- _Record set_
+ + + + + + +

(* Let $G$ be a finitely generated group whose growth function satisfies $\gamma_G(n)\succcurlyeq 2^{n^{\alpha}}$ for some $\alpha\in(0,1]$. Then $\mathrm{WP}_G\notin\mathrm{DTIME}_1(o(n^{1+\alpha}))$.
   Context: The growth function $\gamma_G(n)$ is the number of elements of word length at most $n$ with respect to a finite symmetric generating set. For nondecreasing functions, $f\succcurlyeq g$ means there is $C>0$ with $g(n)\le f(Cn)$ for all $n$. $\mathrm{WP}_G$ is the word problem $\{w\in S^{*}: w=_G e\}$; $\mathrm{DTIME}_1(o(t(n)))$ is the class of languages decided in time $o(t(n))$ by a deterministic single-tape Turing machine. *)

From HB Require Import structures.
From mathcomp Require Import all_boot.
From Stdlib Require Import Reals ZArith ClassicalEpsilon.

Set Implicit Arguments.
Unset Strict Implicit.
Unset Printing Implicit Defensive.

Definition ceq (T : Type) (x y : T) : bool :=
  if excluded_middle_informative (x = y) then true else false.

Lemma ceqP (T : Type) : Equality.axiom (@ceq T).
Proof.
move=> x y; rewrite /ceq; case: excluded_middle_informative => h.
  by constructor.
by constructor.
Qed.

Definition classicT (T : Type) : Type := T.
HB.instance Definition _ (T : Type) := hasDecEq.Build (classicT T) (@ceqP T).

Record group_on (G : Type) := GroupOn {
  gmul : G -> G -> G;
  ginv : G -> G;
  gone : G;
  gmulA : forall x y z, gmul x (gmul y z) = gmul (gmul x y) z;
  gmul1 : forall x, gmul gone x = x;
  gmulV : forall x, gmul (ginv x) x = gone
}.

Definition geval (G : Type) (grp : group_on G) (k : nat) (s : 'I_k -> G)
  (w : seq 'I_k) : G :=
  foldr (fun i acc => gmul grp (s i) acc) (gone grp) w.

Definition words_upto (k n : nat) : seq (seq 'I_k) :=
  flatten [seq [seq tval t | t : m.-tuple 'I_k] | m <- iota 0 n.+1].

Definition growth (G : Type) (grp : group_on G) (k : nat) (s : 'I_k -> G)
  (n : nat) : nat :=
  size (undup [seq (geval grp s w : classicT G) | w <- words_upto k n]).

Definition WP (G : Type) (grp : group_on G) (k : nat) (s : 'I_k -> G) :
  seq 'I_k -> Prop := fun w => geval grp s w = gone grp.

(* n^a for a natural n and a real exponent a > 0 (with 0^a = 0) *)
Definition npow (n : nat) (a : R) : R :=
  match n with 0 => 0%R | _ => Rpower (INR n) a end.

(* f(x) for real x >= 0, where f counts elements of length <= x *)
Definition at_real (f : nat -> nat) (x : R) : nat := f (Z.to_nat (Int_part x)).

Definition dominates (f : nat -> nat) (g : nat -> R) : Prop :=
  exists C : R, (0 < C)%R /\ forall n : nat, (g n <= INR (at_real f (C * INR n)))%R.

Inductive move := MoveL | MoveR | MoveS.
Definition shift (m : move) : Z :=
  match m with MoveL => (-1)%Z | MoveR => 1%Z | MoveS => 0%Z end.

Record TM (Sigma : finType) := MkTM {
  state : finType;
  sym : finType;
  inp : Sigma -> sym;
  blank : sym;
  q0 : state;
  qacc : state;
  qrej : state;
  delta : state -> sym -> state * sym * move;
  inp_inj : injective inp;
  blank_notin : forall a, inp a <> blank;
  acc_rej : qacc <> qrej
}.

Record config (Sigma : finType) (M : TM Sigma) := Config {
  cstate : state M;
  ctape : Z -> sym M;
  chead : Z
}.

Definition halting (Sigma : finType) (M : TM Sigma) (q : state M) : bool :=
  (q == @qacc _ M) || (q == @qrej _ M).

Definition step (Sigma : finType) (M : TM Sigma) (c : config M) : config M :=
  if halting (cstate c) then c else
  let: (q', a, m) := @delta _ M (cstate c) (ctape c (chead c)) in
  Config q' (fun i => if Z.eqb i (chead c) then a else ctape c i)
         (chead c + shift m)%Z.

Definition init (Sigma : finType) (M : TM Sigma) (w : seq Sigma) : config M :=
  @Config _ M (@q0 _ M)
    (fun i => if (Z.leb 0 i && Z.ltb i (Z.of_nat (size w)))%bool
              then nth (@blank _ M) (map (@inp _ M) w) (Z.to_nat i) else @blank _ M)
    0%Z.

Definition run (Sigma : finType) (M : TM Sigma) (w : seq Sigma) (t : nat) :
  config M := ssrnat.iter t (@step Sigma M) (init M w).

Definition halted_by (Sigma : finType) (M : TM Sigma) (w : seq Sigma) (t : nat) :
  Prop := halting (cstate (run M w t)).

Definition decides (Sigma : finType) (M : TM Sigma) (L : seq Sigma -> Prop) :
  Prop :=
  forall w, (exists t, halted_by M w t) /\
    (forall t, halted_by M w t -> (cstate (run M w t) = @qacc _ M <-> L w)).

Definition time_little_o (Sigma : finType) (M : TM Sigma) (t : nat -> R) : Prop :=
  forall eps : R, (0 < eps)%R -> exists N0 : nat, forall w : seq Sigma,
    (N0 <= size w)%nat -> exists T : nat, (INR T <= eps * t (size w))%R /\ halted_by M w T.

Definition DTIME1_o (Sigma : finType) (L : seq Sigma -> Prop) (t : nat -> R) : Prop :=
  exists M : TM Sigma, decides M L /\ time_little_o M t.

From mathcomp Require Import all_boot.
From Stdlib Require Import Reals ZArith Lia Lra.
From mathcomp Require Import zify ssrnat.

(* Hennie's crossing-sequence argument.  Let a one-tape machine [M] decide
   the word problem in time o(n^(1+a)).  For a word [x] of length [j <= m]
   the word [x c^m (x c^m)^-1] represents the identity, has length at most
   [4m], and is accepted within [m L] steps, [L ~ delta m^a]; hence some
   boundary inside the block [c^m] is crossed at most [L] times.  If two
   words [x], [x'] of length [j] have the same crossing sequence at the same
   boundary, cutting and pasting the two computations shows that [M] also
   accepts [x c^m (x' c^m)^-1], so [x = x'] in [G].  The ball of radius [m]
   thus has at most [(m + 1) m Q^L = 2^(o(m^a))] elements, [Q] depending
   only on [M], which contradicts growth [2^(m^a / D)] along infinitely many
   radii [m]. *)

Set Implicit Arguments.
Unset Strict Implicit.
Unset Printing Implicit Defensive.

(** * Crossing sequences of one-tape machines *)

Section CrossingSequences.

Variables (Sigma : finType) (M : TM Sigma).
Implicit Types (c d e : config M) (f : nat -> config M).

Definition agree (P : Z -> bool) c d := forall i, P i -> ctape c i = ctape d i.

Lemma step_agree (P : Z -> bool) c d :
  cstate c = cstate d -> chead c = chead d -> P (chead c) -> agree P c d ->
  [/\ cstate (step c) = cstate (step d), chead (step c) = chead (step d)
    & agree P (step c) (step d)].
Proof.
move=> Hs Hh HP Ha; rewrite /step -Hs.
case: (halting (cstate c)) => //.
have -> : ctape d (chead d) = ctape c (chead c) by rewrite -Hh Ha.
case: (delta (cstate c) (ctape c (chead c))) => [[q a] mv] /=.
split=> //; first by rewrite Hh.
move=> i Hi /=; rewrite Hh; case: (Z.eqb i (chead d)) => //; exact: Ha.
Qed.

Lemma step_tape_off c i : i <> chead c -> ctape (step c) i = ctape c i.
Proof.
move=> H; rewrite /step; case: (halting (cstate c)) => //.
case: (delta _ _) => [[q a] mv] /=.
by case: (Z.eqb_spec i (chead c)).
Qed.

+ + + + + + +

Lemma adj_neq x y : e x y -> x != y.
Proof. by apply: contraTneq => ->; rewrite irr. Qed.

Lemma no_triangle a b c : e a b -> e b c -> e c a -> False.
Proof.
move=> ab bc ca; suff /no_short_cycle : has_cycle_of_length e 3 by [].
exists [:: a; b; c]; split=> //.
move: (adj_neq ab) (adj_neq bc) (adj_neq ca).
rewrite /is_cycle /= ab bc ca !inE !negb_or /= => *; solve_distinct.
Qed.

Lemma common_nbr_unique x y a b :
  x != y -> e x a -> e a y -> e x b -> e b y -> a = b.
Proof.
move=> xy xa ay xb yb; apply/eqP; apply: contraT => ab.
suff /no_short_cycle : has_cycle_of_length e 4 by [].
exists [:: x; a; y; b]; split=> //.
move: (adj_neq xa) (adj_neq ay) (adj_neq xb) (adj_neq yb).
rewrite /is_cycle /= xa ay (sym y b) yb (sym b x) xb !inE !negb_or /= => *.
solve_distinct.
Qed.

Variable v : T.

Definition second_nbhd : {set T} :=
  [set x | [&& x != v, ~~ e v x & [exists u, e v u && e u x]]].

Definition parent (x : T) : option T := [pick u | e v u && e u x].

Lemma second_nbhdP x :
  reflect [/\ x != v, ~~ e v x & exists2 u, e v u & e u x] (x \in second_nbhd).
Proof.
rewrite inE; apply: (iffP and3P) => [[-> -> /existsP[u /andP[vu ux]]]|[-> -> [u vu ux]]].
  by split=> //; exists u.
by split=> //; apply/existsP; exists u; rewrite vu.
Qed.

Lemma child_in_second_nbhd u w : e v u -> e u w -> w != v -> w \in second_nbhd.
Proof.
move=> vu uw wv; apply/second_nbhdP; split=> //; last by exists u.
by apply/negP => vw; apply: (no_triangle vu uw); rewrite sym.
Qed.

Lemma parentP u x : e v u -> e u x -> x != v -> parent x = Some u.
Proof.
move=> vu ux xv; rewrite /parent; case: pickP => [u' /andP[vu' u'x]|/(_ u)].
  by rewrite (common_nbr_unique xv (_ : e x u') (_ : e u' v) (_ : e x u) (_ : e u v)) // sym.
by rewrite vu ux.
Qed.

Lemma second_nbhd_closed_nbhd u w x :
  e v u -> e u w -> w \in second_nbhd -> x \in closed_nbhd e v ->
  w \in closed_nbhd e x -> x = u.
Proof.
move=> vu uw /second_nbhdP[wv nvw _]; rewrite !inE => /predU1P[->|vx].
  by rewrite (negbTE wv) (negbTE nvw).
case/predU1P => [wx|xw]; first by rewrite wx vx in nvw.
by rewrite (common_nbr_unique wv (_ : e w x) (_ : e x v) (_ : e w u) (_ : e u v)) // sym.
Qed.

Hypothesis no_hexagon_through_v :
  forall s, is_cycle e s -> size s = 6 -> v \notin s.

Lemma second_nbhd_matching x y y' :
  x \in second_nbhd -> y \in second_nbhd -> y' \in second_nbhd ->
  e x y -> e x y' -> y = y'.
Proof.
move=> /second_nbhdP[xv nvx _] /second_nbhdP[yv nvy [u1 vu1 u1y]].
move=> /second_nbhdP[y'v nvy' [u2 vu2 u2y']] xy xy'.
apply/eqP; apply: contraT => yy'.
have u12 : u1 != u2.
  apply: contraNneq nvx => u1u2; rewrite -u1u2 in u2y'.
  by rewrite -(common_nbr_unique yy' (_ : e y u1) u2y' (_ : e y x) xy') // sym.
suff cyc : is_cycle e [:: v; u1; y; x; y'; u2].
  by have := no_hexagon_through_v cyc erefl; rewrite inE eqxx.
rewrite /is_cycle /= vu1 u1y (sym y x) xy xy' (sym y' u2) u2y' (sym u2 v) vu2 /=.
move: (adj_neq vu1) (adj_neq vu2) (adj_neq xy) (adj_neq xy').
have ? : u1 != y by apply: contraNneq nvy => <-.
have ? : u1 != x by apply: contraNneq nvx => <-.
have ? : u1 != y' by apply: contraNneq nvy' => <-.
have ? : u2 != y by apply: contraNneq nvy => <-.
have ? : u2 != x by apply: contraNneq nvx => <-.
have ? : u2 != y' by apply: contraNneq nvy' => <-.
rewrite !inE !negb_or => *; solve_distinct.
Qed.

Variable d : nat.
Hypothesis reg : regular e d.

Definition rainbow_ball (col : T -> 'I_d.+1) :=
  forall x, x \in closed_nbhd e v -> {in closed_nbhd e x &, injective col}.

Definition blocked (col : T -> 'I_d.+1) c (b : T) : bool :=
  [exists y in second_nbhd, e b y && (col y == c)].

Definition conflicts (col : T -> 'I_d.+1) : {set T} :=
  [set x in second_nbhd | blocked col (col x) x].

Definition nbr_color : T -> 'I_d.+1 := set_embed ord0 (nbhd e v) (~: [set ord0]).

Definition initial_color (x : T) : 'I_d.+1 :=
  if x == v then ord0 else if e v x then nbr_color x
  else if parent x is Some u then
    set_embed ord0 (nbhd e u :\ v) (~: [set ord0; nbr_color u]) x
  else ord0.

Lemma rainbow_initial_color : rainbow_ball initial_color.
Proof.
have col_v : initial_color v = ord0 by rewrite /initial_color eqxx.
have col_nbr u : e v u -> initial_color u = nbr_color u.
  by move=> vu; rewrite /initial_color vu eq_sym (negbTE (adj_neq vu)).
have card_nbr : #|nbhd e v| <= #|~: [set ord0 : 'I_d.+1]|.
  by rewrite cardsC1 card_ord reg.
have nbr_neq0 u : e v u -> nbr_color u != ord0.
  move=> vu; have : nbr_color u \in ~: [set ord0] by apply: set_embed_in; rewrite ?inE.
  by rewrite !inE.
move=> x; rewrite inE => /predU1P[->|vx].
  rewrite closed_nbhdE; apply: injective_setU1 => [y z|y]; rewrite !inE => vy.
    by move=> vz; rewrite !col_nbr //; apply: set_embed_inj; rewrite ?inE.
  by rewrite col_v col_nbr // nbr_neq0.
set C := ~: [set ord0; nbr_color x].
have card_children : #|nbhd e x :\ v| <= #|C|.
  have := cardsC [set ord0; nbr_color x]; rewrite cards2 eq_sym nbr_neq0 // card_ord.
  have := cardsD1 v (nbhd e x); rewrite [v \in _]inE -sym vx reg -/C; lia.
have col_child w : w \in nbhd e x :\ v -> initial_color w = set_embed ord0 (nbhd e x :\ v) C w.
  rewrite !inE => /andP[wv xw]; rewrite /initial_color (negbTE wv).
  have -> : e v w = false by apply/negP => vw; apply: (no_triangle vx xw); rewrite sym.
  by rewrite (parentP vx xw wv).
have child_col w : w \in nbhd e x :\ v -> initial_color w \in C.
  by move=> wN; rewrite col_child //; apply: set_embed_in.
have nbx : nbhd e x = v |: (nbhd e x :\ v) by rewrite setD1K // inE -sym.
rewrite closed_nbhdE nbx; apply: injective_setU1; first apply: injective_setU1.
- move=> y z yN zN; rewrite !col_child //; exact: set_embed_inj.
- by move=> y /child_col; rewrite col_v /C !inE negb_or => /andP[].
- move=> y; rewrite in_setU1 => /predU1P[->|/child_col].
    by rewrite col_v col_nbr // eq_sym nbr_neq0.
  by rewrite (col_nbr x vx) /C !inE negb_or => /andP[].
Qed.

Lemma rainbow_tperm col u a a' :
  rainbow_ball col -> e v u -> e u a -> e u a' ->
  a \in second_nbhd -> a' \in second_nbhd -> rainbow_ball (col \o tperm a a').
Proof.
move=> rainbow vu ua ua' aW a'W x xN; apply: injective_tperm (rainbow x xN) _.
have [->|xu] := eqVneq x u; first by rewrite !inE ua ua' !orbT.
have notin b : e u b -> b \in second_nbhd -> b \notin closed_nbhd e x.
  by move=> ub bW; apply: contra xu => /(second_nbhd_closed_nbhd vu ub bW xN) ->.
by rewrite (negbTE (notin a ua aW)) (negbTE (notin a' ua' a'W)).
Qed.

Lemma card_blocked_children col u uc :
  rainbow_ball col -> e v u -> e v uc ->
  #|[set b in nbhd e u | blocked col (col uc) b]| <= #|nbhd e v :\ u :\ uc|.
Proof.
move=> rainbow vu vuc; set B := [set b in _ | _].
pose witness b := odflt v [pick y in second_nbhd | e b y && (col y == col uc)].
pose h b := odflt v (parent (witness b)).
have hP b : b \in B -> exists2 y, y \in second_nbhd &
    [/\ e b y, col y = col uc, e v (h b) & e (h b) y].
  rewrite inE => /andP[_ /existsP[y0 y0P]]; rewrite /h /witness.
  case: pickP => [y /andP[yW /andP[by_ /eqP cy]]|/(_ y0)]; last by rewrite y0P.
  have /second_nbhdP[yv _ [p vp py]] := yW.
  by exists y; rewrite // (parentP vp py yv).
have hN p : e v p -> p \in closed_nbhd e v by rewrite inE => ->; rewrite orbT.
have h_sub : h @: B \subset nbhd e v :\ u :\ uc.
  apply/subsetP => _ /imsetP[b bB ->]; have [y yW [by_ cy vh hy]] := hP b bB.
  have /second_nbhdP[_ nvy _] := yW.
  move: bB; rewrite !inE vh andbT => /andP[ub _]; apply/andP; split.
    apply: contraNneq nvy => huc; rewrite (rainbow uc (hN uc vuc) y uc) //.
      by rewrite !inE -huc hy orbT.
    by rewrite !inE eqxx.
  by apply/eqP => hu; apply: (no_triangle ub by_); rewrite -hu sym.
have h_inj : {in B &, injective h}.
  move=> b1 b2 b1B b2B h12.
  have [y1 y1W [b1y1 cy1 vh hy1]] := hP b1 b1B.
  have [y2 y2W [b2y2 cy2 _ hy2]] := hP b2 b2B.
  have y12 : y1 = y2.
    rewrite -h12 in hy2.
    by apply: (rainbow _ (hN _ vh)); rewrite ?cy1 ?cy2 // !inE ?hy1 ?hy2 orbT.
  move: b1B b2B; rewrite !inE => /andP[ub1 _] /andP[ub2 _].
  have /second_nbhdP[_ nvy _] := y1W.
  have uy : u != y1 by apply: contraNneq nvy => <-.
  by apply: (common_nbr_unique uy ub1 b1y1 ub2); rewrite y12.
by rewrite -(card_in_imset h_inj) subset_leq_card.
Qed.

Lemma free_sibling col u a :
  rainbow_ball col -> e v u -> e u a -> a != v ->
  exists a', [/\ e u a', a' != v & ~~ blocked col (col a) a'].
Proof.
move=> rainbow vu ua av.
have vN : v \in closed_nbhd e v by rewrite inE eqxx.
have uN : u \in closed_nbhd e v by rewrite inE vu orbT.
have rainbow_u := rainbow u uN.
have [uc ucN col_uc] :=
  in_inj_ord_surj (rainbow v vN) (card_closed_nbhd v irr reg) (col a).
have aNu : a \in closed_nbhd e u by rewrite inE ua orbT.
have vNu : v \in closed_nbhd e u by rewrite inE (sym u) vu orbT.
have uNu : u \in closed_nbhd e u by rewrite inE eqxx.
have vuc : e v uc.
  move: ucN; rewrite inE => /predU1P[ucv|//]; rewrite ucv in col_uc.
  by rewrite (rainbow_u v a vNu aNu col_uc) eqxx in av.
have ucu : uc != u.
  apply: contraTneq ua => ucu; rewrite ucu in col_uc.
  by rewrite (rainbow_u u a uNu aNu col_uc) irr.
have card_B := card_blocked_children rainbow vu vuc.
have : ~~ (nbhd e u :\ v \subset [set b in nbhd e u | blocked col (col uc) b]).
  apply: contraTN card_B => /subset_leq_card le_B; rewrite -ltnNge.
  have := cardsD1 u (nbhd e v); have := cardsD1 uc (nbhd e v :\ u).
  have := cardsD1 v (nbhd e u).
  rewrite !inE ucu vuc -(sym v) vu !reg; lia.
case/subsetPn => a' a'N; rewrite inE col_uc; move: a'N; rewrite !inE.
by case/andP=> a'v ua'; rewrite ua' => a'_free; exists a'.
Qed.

+ + + + + + +

- _Problem to work on_
Output only an exact transcription of the lines above from the one with "B &, injective" up to and including the one with "move: ucN; rewrite".

- _Response area_
have h_inj : {in B &, injective h}.
  move=> b1 b2 b1B b2B h12.
  have [y1 y1W [b1y1 cy1 vh hy1]] := hP b1 b1B.
  have [y2 y2W [b2y2 cy2 _ hy2]] := hP b2 b2B.
  have y12 : y1 = y2.
    rewrite -h12 in hy2.
    by apply: (rainbow _ (hN _ vh)); rewrite ?cy1 ?cy2 // !inE ?hy1 ?hy2 orbT.
  move: b1B b2B; rewrite !inE => /andP[ub1 _] /andP[ub2 _].
  have /second_nbhdP[_ nvy _] := y1W.
  have uy : u != y1 by apply: contraNneq nvy => <-.
  by apply: (common_nbr_unique uy ub1 b1y1 ub2); rewrite y12.
by rewrite -(card_in_imset h_inj) subset_leq_card.
Qed.

Lemma free_sibling col u a :
  rainbow_ball col -> e v u -> e u a -> a != v ->
  exists a', [/\ e u a', a' != v & ~~ blocked col (col a) a'].
Proof.
move=> rainbow vu ua av.
have vN : v \in closed_nbhd e v by rewrite inE eqxx.
have uN : u \in closed_nbhd e v by rewrite inE vu orbT.
have rainbow_u := rainbow u uN.
have [uc ucN col_uc] :=
  in_inj_ord_surj (rainbow v vN) (card_closed_nbhd v irr reg) (col a).
have aNu : a \in closed_nbhd e u by rewrite inE ua orbT.
have vNu : v \in closed_nbhd e u by rewrite inE (sym u) vu orbT.
have uNu : u \in closed_nbhd e u by rewrite inE eqxx.
have vuc : e v uc.
  move: ucN; rewrite inE => /predU1P[ucv|//]; rewrite ucv in col_uc.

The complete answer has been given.